В ответ на все вопросы Фрэнсис мотала головой, стыдясь своей рваной нижней сорочки, удрученно думая о стоимости его визита. Но он держался так ласково, так искренне, что на глаза у нее невольно наворачивались слезы. Доктор Лоуренс ободрительно похлопал ее по руке, затем негромко переговорил с матерью на лестничной площадке. «Нервное перенапряжение» – такой он поставил диагноз; возможно, отсроченная реакция на стрессы войны и на смерти близких, усугубленная недавними переживаниями. Необходим полный покой, никаких волнений… Он оставил пузырек таблеток: принимать по одной перед сном.
Фрэнсис лежала, вспоминая отца, его «сердечные приступы». Она представила, какое отчаяние охватывало его при мыслях о стремительно тающих деньгах, о погибших сыновьях, о своенравной, непригодной к браку дочери, – и опять расплакалась навзрыд.
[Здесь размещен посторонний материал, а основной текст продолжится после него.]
(* Let $\Gamma$ be a Deza graph with parameters $(n,k,k-1,a)$, $k>1$, $\beta=1$. Let $x,y$ be $NA$-vertices with $C(x)\ne C(y)$. Then: (1) if some vertex of $\{x,x_b\}$ is adjacent to some vertex of $\{y,y_b\}$, or some vertex of $\{x',x_b'\}$ is adjacent to some vertex of $\{y',y_b'\}$, then all possible edges between $\{x,x_b\}$ and $\{y,y_b\}$ are present and all possible edges between $\{x',x_b'\}$ and $\{y',y_b'\}$ are present; (2) if some vertex of $\{x,x_b\}$ is adjacent to some vertex of $\{y',y_b'\}$, or some vertex of $\{x',x_b'\}$ is adjacent to some vertex of $\{y,y_b\}$, then all possible edges between $\{x,x_b\}$ and $\{y',y_b'\}$ are present and all possible edges between $\{x',x_b'\}$ and $\{y,y_b\}$ are present; (3) the number of edges between $C(x)$ and $C(y)$ is $0$, $8$ or $16$.
   Context: A Deza graph with parameters $(n,k,b,a)$, $a\le b$, is a $k$-regular graph on $n$ vertices in which any two distinct vertices have $a$ or $b$ common neighbours; $\beta$ is the number of vertices $u\ne v$ with exactly $b$ common neighbours with a given vertex $v$. Since $\beta=1$, for each vertex $x$ let $x_b$ denote the unique vertex having $b=k-1$ common neighbours with $x$. A vertex $x$ is an $A$-vertex if $x$ is adjacent to $x_b$, and an $NA$-vertex otherwise. For an $NA$-vertex $x$, $x'$ denotes the unique neighbour of $x$ not adjacent to $x_b$, $x_b'=(x')_b=(x_b)'$, and $C(x)=\{x,x',x_b,x_b'\}$. *)

From mathcomp Require Import all_boot.
Set Implicit Arguments. Unset Strict Implicit. Unset Printing Implicit Defensive.

Section Deza.
Variables (T : finType) (e : rel T).

Definition simple_graph := symmetric e /\ irreflexive e.

Definition nbhd (x : T) : {set T} := [set y | e x y].
Definition cn (x y : T) : nat := #|nbhd x :&: nbhd y|.

Definition deza_graph (n k b a : nat) :=
  [/\ simple_graph, #|T| = n, (forall x, #|nbhd x| = k), a <= b &
      forall x y, x != y -> cn x y = a \/ cn x y = b].

Definition beta_at (b : nat) (v : T) : nat := #|[set u | (u != v) && (cn v u == b)]|.

(* x_b : the (unique, when beta = 1) vertex having b common neighbours with x *)
Definition vb (b : nat) (x : T) : T :=
  odflt x [pick u | (u != x) && (cn x u == b)].

Definition A_vertex (b : nat) (x : T) : bool := e x (vb b x).
Definition NA_vertex (b : nat) (x : T) : bool := ~~ e x (vb b x).

(* x' : the unique neighbour of x not adjacent to x_b *)
Definition vprime (b : nat) (x : T) : T :=
  odflt x [pick y | e x y && ~~ e (vb b x) y].

Definition vbprime (b : nat) (x : T) : T := vprime b (vb b x).

Definition Cset (b : nat) (x : T) : {set T} :=
  [set x; vprime b x; vb b x; vbprime b x].

Definition all_edges (A B : {set T}) : Prop := forall u v, u \in A -> v \in B -> e u v.
Definition some_edge (A B : {set T}) : Prop := exists u v, [/\ u \in A, v \in B & e u v].

Definition n_edges (A B : {set T}) : nat :=
  #|[set p : T * T | [&& p.1 \in A, p.2 \in B & e p.1 p.2]]|.
End Deza.

From mathcomp Require Import all_boot.
Set Implicit Arguments. Unset Strict Implicit. Unset Printing Implicit Defensive.

(* Since beta = 1, x |-> x_b is a fixed-point-free involution and N(x) minus
   N(x_b) is the single vertex x'.  Comparing cn(u,t) = cn(u_b,t) = a for t
   outside {u, u_b} shows that u' and u_b' have the same neighbours there;
   hence (u')_b = (u_b)', the map ' is an involution as well, and a vertex t is
   adjacent to z_b iff it is adjacent to z, unless t' is z or z_b.  The
   involution b then pairs off the common neighbours of t and w other than t'
   and w', so cn(t,w) = [t' ~ w] + [w' ~ t] mod 2 for t <> w.  For an NA-vertex x this
   makes a = cn(x,x') even, and then x' ~ y iff x ~ y' whenever y lies outside
   C(x).  Hence the edges between C(x) and C(y) form four 2x2 blocks, each
   complete or empty, where the blocks {x,x_b}x{y,y_b} and {x',x_b'}x{y',y_b'}
   agree, and so do the two mixed blocks. *)

Lemma even_card_closed (T : finType) (s : T -> T) (J : {set T}) :
  involutive s -> (forall z, s z != z) -> {in J, forall z, s z \in J} ->
  ~~ odd #|J|.
Proof.
move=> sK s_nfix sJ.
pose J1 := [set z in J | enum_rank z < enum_rank (s z)].
have rank_neq z : enum_rank (s z) != enum_rank z.
  by rewrite (inj_eq enum_rank_inj) s_nfix.
have J1J : J1 \subset J by apply/subsetP => z; rewrite inE => /andP[].
have DJ1 : J :\: J1 = s @: J1.
  apply/setP => z; rewrite !inE; apply/andP/imsetP => [[zNJ1 zJ]|[w]].
    exists (s z); last by rewrite sK.
    rewrite zJ /= -leqNgt in zNJ1.
    by rewrite /J1 inE sJ // sK ltn_neqAle rank_neq zNJ1.
  by rewrite /J1 inE => /andP[wJ lt_w] ->; rewrite sJ // sK ltnNge (ltnW lt_w).
have := cardsID J1 J; rewrite (setIidPr J1J) DJ1 card_imset; last exact: inv_inj.
by move=> <-; rewrite addnn odd_double.
Qed.
Lemma is_root_feq a b : isroot a -> feq_on H_0 a b -> isroot b.
Proof.
move=> [hl [hn [v [hv0 hv]]]] e; split; [|split].
- by move=> c x y hx hy; rewrite -!e //; [exact: hl | exact: subspaceZD H0_subspace hx hy].
- by move=> hb; apply: hn => h hh; rewrite e //; exact: hb.
- by exists v; split=> //; apply: root_space_feq hv.
Qed.

Lemma is_root_finv f : isroot f -> isroot (fun h => f (fi h)).
Proof.
move=> [hl [hn [v [hv0 hv]]]]; split; [|split].
- by move=> c x y hx hy /=; rewrite finv_linear hl //; exact: H0_finv.
- move=> hf; apply: hn => h hh; rewrite -(phiK h); apply: hf.
  exact: H0_phi.
- exists (phi v); split; last exact: root_space_phi.
  by apply: contraNneq hv0 => e; apply/eqP/phi_inj; rewrite e (lin0 phi_linear).
Qed.

Lemma is_root_phi f : isroot f -> isroot (fun h => f (phi h)).
Proof.
move=> [hl [hn [v [hv0 hv]]]]; split; [|split].
- by move=> c x y hx hy /=; rewrite phi_linear hl //; exact: H0_phi.
- move=> hf; apply: hn => h hh; rewrite -(finvK h); apply: hf.
  exact: H0_finv.
- exists (fi v); split; last exact: root_space_finv.
  by apply: contraNneq hv0 => e; rewrite -(finvK v) e (lin0 phi_linear).
Qed.

Lemma is_root_cpi f n : isroot f -> isroot (cpi f n).
Proof.
move=> hf; elim: n => [|n IH]; first exact: is_root_feq hf (feq_onW (fun _ => erefl)).
by apply: is_root_feq (is_root_finv IH) (feq_onW _) => h; rewrite /comp_phi_inv iterSr.
Qed.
Следующие два или три дня Фрэнсис провела под знаком полной своей нетрудоспособности. Она не выбегала за утренними газетами. Спенсеру Уорду пришлось в кои-то веки обходиться без ее мысленного участия: она ничего не может поделать, если беспощадный механизм затягивает и перемалывает его. Она лежала на диване, с потрепанными книгами своего детства – «Островом сокровищ» и «Швейцарским Робинзоном». В девять вечера принимала таблетку и тут же проваливалась в глубокий сон без сновидений.
А потом, в воскресенье утром – когда она меньше всего этого ожидала, когда уже перестала на это надеяться и даже уже сомневалась, что вообще хочет этого, – вернулась Лилиана.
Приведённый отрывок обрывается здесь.